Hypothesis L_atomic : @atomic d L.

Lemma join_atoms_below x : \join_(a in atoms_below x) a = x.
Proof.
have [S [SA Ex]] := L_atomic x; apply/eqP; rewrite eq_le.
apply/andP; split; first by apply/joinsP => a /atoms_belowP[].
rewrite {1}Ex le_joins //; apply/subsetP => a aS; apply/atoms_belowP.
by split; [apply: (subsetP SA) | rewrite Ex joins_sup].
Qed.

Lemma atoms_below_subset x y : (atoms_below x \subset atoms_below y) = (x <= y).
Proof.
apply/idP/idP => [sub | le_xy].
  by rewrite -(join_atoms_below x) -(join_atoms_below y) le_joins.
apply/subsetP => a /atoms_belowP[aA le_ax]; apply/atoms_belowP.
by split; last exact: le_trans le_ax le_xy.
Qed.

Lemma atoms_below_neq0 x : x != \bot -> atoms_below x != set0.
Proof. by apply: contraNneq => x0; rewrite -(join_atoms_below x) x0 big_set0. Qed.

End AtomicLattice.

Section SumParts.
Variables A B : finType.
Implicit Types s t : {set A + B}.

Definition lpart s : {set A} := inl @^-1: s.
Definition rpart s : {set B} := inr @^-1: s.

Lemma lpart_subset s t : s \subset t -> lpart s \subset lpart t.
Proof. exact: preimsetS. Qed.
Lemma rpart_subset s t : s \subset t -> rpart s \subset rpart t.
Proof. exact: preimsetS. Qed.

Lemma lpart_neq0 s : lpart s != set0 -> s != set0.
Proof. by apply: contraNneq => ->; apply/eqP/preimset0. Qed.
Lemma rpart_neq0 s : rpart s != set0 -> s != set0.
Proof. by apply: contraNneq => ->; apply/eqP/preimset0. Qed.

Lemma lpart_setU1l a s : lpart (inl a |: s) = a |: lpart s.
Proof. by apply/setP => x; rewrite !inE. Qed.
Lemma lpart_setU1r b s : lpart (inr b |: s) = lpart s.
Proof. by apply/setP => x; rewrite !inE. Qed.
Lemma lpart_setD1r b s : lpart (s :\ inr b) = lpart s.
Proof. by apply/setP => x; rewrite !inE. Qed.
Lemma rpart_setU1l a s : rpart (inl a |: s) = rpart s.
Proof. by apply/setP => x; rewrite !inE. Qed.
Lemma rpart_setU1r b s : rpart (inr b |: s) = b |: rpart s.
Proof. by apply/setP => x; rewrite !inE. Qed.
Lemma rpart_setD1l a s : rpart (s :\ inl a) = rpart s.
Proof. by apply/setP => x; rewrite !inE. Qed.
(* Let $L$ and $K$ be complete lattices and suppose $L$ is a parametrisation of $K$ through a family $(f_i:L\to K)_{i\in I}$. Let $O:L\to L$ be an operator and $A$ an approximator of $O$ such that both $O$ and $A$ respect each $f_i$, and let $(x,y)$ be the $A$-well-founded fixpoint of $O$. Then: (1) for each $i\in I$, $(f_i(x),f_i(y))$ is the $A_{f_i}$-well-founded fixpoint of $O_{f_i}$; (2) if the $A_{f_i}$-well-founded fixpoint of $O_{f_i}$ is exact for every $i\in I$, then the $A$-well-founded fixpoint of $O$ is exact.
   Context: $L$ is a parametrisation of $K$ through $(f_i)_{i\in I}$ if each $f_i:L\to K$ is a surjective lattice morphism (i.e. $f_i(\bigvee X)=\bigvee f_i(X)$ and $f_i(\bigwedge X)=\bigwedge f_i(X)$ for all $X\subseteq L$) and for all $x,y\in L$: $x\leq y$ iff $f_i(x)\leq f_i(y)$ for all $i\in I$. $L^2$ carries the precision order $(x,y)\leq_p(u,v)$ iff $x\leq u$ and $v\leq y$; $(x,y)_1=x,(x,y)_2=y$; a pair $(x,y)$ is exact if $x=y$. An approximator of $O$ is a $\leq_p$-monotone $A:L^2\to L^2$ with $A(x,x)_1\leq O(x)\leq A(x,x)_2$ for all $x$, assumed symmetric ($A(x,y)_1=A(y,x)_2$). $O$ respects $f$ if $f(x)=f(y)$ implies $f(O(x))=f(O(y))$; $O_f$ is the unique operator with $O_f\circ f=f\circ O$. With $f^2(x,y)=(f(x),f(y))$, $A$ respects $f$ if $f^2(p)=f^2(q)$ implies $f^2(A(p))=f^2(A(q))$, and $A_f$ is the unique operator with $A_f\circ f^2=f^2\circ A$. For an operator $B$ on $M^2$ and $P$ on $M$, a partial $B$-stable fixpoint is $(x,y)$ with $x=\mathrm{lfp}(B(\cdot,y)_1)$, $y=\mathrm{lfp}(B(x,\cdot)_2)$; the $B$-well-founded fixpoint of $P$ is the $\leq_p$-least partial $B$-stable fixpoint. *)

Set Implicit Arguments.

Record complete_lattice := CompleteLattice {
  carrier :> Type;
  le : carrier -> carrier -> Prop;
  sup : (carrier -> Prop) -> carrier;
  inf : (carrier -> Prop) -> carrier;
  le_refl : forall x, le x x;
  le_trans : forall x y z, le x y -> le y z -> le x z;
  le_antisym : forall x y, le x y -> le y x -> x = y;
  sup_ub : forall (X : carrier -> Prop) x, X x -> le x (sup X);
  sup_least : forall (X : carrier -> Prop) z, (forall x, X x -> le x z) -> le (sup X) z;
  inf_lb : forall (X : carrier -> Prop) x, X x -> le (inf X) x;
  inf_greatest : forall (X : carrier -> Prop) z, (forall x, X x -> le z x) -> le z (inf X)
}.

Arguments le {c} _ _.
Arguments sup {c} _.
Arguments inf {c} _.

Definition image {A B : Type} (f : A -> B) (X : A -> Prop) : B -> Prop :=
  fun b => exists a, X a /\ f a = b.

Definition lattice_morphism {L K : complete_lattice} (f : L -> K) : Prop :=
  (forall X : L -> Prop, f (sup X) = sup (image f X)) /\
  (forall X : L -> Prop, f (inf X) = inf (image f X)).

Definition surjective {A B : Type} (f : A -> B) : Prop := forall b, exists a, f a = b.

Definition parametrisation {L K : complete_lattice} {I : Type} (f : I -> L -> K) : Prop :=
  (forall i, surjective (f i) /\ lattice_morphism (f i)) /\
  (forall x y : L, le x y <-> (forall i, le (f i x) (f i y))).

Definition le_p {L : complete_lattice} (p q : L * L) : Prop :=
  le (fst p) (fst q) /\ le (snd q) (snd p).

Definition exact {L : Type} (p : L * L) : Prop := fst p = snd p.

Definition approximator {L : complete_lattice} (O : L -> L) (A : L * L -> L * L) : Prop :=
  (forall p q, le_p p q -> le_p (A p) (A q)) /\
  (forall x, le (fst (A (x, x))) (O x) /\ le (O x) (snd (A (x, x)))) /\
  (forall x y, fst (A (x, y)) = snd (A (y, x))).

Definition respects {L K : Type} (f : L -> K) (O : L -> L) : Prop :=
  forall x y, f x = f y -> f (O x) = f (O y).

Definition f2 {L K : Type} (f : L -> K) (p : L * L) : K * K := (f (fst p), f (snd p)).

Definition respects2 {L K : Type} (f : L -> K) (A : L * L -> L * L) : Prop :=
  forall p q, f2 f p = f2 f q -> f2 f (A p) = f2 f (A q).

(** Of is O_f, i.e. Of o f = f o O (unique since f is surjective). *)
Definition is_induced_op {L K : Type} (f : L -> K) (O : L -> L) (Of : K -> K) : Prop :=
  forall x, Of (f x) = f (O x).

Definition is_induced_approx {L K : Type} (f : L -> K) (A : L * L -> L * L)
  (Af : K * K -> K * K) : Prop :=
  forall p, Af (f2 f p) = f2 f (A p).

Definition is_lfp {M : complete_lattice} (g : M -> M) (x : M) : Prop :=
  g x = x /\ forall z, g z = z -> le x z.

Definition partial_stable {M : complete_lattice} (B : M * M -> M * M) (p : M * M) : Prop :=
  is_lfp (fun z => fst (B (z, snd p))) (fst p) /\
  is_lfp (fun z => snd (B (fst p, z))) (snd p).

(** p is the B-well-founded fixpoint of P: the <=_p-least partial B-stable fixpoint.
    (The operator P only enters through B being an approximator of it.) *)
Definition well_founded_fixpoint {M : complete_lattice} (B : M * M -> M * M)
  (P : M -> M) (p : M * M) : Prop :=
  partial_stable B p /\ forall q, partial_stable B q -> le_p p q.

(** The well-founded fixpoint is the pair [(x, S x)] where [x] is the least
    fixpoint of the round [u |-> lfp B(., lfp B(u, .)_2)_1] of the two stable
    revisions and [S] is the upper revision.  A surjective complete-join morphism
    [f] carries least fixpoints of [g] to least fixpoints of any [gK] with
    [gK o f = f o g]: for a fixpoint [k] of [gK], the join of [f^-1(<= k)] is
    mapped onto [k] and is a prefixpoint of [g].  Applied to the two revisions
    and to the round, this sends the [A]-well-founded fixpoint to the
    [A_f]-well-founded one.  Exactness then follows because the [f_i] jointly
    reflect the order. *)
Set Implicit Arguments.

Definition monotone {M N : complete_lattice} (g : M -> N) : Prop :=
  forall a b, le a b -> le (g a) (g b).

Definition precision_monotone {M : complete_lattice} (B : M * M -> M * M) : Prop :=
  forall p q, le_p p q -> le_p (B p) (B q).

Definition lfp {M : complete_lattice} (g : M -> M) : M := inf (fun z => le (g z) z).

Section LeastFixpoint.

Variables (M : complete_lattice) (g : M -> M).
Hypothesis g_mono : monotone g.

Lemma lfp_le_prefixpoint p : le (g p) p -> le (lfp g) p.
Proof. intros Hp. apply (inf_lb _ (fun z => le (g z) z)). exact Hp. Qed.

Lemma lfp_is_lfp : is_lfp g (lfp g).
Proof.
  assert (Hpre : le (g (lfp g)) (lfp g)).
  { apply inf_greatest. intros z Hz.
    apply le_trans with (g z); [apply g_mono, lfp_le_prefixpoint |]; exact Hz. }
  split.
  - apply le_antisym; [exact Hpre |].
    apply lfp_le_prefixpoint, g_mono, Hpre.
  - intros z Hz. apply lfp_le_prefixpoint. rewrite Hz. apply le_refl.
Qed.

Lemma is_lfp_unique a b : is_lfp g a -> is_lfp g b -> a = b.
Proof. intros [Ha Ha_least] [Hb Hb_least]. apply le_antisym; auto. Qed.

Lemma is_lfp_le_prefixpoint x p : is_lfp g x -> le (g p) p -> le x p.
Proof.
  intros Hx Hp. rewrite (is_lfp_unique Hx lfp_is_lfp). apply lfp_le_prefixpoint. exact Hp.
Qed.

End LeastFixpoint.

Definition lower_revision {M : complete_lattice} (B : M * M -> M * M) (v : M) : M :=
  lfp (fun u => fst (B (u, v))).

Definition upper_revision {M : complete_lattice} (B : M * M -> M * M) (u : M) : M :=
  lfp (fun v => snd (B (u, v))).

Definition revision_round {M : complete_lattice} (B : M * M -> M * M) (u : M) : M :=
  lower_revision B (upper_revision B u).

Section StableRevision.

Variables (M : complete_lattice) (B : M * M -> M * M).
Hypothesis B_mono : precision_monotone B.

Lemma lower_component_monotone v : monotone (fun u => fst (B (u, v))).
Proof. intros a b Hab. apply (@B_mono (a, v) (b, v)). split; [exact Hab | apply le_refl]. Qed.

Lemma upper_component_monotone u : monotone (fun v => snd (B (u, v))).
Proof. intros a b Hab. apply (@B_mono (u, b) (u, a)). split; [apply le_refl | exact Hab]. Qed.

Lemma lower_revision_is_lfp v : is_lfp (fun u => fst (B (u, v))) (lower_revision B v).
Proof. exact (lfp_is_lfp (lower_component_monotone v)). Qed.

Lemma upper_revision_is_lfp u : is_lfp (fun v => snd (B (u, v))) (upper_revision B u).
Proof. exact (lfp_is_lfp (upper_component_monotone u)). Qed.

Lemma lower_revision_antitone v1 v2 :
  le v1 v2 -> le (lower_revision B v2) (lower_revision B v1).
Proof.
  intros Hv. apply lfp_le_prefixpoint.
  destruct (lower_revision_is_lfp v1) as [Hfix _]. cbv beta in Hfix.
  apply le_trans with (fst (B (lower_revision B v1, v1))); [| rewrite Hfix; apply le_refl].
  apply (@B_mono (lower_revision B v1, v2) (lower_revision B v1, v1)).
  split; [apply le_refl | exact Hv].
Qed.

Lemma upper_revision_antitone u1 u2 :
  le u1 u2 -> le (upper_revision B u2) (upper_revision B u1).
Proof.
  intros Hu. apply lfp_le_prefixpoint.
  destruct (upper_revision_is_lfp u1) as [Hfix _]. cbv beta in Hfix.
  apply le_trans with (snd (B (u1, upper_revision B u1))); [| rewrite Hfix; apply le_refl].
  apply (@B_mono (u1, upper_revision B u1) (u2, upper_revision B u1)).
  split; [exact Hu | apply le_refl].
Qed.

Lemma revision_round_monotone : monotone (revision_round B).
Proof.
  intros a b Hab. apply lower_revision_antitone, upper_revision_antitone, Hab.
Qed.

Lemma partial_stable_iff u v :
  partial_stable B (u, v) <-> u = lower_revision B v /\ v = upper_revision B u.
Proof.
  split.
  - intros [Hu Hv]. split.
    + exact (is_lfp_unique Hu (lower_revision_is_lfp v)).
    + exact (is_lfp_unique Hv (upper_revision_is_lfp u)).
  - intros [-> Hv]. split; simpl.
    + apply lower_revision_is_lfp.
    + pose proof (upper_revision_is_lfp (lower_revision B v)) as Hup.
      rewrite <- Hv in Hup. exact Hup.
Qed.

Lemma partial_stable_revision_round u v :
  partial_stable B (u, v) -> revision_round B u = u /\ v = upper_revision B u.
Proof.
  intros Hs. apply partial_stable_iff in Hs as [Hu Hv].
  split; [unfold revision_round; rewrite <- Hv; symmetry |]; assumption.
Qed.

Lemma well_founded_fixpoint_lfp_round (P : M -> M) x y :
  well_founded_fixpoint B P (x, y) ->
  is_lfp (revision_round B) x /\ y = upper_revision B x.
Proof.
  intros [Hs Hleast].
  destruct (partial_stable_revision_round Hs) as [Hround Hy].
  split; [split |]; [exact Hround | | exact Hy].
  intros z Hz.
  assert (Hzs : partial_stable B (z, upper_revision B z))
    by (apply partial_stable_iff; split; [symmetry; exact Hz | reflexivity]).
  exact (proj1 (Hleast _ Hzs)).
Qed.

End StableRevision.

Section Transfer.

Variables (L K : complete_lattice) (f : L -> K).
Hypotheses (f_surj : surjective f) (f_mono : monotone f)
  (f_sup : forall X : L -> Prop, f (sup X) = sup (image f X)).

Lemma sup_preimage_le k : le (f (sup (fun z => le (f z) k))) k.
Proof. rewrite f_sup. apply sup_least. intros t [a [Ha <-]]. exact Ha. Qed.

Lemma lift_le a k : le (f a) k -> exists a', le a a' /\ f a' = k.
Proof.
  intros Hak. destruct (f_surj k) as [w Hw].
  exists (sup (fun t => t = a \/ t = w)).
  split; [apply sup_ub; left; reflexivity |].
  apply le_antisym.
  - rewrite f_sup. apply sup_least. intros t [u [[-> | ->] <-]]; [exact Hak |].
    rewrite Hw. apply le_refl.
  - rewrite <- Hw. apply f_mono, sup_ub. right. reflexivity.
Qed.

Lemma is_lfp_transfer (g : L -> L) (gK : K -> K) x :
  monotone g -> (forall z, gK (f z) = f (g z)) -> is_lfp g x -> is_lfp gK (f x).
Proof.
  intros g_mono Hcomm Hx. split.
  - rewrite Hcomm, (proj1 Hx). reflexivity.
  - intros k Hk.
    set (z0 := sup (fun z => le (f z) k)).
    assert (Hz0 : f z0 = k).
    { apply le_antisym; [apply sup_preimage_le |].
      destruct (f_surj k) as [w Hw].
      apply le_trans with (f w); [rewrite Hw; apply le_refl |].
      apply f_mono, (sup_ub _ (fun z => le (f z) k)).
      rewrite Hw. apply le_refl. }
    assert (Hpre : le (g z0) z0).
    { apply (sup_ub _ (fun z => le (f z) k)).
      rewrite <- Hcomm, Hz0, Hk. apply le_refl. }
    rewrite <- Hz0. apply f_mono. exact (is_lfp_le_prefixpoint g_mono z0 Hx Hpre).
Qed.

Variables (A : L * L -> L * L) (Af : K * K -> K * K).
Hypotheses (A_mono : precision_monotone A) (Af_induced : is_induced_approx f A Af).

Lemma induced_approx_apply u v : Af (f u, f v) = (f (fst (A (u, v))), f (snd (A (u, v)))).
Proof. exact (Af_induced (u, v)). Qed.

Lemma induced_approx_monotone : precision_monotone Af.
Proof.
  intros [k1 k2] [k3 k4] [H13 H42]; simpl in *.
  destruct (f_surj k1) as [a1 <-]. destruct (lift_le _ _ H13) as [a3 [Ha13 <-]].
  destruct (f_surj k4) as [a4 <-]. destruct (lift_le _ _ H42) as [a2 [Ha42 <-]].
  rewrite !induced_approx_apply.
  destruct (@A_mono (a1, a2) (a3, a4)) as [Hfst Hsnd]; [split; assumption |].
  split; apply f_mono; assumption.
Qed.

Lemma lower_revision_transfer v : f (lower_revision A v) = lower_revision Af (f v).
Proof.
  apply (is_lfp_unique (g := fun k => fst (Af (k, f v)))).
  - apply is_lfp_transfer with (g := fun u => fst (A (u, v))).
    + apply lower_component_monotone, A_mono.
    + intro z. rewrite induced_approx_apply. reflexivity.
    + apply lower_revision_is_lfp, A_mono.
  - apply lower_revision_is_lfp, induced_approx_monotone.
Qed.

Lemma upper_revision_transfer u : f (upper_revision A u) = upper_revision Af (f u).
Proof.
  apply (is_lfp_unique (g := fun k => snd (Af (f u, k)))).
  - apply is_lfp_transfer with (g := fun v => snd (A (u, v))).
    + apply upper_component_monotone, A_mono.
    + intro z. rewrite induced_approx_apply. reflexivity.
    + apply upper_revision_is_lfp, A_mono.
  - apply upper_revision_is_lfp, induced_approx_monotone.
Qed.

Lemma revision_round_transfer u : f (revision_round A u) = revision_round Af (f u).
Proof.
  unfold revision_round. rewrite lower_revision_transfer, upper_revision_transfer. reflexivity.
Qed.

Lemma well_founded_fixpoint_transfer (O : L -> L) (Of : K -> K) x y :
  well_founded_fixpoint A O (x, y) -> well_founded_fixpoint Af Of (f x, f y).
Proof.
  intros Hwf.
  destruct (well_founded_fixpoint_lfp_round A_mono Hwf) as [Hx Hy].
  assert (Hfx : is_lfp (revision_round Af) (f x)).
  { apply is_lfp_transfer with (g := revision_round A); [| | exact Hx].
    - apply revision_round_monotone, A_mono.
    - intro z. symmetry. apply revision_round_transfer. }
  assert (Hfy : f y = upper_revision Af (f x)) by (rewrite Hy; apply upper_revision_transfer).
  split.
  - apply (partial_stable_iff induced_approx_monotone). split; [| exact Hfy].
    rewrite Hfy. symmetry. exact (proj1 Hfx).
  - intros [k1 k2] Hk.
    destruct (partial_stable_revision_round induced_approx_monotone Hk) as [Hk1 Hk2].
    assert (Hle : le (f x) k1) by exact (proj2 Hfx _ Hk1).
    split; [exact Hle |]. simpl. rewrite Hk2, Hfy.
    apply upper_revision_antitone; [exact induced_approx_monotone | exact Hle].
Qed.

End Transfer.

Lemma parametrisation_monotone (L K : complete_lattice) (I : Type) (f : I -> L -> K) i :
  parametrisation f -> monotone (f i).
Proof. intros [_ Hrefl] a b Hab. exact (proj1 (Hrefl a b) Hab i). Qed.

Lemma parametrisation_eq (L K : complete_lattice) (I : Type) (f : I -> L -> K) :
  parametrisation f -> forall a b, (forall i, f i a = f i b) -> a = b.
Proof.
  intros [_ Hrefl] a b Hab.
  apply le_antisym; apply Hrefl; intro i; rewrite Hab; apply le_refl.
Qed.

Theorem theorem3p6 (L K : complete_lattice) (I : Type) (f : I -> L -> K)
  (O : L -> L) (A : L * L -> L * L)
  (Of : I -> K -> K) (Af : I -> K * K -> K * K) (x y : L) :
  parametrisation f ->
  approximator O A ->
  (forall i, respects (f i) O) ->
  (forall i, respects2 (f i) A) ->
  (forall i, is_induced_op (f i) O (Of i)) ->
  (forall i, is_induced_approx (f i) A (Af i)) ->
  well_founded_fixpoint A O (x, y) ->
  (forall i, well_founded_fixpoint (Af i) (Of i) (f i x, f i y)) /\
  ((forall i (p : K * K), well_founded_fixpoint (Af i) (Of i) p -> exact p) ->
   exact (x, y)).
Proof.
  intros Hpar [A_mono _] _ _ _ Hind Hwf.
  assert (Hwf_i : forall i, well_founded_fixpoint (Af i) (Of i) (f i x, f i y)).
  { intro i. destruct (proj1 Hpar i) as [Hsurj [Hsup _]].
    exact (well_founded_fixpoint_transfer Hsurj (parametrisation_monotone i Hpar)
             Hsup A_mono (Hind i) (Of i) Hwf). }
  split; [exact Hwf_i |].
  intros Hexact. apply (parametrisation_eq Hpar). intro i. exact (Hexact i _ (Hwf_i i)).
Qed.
= = = =
» **Work request**:
The lines above, starting at the one with "forall p, Af (f2 f p) = f2 f (A p)." and ending at the one with "is_lfp (fun z => snd", are the only ones to return, exactly as written.

» **Exercise solution**:
  forall p, Af (f2 f p) = f2 f (A p).

Definition is_lfp {M : complete_lattice} (g : M -> M) (x : M) : Prop :=
  g x = x /\ forall z, g z = z -> le x z.

Definition partial_stable {M : complete_lattice} (B : M * M -> M * M) (p : M * M) : Prop :=
  is_lfp (fun z => fst (B (z, snd p))) (fst p) /\
  is_lfp (fun z => snd (B (fst p, z))) (snd p).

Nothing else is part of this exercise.